*What is being asked*
How many lines below contain the word "Htor"? Reply solely with the number.

──────── Records supplied

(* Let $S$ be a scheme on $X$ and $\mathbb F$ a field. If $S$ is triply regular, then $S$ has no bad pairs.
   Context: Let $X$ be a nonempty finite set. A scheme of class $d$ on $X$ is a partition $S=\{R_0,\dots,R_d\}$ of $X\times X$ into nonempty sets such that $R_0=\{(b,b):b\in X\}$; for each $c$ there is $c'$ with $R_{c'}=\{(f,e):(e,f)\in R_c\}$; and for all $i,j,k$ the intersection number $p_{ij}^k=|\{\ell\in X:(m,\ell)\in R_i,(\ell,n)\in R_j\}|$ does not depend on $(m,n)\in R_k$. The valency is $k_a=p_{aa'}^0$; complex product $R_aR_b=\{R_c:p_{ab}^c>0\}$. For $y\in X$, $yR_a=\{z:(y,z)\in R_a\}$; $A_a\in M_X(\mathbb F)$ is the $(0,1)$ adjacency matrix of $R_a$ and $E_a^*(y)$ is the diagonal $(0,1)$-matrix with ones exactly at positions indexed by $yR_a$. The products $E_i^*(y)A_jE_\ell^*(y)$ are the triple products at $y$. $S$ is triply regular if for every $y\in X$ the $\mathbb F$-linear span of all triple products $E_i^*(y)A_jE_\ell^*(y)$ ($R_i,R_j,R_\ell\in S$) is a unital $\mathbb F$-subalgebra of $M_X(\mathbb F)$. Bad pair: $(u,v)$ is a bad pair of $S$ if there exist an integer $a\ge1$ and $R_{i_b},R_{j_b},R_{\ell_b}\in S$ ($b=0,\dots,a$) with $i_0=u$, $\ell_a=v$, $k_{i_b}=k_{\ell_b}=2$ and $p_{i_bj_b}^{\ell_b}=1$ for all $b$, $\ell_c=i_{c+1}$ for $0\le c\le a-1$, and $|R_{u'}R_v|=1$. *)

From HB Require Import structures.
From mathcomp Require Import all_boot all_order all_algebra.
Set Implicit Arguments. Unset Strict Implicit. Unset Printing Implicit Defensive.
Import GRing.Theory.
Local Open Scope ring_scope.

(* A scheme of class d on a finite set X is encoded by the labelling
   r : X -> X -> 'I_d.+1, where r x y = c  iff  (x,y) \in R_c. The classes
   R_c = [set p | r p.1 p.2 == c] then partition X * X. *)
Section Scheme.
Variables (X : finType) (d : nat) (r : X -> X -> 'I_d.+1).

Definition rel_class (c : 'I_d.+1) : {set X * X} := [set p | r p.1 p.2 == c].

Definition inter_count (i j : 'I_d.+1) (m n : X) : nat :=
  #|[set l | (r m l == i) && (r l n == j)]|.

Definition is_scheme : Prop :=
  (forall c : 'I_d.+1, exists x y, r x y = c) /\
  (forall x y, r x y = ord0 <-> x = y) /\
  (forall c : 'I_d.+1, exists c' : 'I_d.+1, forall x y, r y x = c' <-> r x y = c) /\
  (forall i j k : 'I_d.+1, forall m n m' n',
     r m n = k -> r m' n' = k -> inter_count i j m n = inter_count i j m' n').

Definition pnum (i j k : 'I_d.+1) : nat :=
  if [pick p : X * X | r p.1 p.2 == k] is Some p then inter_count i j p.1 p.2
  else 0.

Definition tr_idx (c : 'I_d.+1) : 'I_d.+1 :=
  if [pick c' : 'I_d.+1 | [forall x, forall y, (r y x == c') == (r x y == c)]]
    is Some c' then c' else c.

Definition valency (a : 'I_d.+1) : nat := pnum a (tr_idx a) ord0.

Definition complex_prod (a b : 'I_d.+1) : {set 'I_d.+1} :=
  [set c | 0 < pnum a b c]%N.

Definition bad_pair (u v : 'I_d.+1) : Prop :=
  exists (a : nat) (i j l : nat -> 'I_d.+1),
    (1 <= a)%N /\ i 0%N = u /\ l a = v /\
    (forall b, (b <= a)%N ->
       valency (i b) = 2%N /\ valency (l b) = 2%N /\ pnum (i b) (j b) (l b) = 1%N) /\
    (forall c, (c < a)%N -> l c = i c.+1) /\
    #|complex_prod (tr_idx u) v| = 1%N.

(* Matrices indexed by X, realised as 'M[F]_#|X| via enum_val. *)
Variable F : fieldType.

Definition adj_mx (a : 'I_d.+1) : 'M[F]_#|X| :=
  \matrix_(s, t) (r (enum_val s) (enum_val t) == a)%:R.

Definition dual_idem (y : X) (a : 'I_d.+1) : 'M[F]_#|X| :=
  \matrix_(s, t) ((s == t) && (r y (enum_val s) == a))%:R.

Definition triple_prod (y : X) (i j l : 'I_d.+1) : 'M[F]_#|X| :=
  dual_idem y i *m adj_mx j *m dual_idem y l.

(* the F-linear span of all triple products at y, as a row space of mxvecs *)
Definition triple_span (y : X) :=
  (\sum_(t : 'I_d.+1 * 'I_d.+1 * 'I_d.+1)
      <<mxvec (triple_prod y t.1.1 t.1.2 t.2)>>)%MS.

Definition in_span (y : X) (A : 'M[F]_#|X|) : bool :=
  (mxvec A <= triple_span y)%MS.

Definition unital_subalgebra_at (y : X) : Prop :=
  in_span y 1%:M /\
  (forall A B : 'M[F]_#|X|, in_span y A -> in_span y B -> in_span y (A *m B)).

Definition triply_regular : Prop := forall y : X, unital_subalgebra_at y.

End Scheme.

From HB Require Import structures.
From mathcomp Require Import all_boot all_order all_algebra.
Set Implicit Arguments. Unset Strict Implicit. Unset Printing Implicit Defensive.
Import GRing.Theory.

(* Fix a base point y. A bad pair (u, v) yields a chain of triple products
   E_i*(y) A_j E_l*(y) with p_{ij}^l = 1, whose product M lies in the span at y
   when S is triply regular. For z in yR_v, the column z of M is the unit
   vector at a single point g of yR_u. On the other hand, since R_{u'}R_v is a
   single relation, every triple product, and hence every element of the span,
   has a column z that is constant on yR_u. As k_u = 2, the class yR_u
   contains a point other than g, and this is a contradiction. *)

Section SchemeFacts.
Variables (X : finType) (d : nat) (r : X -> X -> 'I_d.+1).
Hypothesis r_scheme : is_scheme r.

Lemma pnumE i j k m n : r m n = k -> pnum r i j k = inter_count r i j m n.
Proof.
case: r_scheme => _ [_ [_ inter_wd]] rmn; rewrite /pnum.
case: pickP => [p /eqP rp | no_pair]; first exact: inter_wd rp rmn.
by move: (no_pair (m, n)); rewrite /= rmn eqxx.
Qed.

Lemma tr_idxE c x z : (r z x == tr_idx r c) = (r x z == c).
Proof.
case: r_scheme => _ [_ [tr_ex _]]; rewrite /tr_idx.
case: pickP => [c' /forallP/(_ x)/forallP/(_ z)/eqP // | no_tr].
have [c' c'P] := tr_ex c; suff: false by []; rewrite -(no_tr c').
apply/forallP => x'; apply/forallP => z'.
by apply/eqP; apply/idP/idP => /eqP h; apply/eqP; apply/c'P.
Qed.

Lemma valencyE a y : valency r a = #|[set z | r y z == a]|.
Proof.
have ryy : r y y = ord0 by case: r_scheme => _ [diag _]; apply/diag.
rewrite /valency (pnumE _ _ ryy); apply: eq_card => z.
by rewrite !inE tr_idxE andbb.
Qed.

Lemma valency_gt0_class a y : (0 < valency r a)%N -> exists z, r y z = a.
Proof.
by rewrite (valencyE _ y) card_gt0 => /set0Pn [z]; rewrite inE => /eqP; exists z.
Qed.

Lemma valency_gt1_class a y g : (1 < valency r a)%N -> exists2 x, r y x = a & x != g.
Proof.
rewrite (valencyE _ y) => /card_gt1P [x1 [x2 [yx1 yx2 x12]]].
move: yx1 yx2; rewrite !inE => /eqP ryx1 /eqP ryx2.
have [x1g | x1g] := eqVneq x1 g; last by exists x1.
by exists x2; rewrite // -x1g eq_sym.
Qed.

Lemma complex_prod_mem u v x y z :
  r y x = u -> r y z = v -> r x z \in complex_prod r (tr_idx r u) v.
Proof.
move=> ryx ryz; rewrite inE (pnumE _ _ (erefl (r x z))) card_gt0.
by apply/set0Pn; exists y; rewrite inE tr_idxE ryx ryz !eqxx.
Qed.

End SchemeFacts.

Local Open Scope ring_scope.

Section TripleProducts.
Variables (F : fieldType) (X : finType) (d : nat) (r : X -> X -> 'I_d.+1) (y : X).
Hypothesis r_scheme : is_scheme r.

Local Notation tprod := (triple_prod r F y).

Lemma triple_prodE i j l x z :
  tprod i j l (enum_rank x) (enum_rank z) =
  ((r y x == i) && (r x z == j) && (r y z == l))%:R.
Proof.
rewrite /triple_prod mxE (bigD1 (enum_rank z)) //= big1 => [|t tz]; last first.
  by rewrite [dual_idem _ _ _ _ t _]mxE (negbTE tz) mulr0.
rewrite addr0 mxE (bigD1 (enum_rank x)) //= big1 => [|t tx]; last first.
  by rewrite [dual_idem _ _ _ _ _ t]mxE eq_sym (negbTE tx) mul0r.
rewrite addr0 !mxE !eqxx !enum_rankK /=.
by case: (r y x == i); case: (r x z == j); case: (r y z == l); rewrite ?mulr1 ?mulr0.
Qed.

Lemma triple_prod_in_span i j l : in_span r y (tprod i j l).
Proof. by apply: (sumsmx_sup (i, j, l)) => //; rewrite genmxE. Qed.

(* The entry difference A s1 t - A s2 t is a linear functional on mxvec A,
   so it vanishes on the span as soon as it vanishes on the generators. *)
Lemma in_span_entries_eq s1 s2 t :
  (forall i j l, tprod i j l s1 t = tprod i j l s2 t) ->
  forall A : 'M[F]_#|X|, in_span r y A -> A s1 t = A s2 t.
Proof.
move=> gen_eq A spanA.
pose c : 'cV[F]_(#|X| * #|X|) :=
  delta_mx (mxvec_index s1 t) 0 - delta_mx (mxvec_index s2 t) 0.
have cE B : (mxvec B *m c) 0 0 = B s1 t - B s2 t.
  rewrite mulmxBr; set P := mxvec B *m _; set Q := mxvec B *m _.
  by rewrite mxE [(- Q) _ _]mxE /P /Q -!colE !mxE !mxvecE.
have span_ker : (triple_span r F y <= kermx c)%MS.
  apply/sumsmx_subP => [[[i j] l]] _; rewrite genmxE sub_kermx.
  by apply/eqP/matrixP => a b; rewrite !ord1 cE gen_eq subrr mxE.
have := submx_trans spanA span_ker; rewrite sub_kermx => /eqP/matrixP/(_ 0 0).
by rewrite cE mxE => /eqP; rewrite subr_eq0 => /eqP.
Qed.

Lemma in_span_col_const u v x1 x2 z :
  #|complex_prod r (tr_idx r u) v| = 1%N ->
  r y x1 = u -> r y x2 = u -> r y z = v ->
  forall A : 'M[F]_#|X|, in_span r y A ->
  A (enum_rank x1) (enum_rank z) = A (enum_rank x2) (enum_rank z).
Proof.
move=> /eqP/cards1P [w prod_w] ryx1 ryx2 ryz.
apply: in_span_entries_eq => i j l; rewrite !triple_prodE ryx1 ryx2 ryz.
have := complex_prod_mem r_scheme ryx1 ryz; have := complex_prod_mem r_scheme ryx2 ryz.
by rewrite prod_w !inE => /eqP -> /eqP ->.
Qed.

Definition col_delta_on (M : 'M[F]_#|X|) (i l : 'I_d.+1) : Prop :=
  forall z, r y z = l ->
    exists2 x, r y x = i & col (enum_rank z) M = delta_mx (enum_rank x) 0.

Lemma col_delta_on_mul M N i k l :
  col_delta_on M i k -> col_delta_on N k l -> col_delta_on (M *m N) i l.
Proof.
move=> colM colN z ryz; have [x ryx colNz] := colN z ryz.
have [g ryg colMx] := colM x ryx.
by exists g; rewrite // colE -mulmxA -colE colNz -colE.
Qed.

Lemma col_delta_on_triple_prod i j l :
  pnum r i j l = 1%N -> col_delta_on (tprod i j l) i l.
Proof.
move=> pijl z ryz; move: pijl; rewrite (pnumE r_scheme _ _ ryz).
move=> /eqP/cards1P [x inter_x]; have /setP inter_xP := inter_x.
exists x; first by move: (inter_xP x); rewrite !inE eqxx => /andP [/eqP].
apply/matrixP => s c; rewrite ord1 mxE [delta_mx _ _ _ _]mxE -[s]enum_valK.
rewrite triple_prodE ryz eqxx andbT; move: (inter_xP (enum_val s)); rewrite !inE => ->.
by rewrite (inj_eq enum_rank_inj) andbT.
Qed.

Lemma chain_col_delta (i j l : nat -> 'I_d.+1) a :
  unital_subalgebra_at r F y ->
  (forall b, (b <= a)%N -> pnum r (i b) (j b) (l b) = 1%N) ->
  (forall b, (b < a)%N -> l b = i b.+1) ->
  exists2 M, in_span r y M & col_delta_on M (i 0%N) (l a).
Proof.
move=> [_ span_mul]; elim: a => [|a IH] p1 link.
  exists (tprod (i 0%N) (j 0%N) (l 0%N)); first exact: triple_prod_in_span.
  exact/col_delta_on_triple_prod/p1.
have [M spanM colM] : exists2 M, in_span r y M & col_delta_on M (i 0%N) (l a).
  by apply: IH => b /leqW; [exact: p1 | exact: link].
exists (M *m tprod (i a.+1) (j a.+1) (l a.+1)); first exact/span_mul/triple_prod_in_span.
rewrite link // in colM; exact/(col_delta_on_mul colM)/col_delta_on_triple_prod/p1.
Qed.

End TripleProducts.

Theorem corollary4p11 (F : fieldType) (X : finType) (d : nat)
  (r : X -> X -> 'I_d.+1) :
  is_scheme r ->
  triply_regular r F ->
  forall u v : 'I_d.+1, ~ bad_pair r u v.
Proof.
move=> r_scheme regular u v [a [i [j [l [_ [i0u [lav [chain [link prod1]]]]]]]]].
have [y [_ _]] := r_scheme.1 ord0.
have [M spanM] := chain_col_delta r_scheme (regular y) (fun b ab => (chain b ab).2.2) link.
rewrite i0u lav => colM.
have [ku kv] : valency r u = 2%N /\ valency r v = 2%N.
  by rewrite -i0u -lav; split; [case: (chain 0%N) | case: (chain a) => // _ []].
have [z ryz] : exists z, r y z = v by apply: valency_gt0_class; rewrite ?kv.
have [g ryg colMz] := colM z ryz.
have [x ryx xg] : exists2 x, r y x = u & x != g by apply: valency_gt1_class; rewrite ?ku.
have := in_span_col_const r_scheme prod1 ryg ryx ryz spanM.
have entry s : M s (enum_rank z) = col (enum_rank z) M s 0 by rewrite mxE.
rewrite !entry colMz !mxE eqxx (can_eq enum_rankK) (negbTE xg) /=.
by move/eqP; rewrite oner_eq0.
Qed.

────────────────
──────── Records supplied

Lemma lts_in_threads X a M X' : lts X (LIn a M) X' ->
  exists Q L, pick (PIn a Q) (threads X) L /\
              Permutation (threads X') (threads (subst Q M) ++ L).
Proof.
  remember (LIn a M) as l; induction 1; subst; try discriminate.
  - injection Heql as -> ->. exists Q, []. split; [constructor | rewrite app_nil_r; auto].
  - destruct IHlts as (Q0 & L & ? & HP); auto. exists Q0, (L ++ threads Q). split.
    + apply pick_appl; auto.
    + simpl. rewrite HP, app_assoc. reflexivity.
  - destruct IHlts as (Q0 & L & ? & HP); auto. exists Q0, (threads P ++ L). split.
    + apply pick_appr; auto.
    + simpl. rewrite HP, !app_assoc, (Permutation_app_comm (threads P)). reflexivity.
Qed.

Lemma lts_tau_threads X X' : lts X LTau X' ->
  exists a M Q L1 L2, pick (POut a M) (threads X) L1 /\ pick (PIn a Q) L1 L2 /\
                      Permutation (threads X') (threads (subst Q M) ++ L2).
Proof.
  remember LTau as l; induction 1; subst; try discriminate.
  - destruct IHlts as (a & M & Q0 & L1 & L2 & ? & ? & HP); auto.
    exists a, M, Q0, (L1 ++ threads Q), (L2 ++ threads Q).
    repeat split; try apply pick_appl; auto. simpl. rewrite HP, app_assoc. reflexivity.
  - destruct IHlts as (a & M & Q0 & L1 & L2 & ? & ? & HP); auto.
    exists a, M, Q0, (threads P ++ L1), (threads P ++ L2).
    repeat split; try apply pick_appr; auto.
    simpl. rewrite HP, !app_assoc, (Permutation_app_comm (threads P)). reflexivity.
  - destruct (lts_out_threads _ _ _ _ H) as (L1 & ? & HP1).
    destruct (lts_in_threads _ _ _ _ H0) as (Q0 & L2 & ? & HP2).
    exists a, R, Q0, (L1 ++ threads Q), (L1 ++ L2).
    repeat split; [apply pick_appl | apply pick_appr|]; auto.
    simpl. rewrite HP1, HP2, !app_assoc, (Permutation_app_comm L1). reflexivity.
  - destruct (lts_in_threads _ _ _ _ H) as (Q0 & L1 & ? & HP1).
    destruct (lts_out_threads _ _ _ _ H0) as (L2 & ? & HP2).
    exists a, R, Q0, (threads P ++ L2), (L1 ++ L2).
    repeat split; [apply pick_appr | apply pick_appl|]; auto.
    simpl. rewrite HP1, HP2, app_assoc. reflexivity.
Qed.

────────────────
──────── Records supplied

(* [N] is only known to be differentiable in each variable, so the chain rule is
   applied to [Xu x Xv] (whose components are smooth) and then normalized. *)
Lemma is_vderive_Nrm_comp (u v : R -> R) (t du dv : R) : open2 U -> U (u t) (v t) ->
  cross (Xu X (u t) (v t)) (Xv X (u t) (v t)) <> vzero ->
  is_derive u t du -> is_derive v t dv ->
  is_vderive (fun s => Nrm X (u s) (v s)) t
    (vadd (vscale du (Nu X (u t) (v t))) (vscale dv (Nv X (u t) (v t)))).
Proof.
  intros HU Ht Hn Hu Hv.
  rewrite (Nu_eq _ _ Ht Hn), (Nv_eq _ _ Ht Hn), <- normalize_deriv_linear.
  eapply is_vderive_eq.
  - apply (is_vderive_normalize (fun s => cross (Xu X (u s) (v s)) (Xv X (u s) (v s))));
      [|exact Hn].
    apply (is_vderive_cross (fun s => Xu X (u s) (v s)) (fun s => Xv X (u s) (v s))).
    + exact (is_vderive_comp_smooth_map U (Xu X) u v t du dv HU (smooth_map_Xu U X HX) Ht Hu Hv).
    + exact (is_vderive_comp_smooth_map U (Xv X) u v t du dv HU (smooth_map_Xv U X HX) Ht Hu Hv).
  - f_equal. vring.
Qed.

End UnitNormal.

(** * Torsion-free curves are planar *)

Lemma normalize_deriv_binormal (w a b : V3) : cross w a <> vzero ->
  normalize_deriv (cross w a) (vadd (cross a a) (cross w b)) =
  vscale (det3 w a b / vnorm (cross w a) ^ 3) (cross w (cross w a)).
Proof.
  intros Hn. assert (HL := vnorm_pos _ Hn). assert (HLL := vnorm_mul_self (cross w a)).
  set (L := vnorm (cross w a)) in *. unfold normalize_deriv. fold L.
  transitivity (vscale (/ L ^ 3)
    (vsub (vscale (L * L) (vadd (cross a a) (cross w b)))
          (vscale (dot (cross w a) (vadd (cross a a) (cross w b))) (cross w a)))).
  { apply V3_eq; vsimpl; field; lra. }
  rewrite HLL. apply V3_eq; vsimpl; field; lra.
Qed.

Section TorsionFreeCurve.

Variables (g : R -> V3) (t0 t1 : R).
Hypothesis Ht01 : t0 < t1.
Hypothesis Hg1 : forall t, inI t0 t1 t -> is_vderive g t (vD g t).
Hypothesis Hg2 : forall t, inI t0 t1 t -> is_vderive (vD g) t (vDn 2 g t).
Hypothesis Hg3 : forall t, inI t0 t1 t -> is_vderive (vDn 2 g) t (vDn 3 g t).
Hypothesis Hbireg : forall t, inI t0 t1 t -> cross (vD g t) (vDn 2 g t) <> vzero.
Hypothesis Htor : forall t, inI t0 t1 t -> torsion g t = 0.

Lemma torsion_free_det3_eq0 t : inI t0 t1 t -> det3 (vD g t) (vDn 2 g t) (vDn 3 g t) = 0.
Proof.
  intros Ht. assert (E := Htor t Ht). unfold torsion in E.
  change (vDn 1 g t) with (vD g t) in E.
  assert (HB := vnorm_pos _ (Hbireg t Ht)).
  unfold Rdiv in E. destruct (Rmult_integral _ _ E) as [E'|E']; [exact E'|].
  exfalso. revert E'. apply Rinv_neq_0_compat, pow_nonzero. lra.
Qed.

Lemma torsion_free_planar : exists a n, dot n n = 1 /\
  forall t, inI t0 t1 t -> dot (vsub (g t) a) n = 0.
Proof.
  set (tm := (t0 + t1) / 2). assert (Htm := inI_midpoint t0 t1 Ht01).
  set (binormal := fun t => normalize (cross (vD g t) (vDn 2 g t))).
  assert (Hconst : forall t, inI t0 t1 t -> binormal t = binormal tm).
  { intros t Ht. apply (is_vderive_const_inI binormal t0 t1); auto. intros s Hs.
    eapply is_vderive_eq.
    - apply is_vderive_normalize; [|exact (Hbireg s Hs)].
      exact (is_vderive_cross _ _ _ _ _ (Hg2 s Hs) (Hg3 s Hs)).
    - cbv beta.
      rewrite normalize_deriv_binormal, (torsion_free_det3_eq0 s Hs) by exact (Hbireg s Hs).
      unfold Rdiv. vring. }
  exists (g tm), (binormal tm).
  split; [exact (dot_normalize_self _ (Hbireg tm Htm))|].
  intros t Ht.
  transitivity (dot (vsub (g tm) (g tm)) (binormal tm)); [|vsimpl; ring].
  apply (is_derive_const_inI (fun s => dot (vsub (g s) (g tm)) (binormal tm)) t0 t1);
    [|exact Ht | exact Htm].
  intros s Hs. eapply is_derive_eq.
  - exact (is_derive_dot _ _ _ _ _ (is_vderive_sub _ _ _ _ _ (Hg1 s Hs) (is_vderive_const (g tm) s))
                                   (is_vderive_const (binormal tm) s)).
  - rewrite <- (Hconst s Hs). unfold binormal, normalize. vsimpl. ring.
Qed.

────────────────

*Solution to this exercise*
2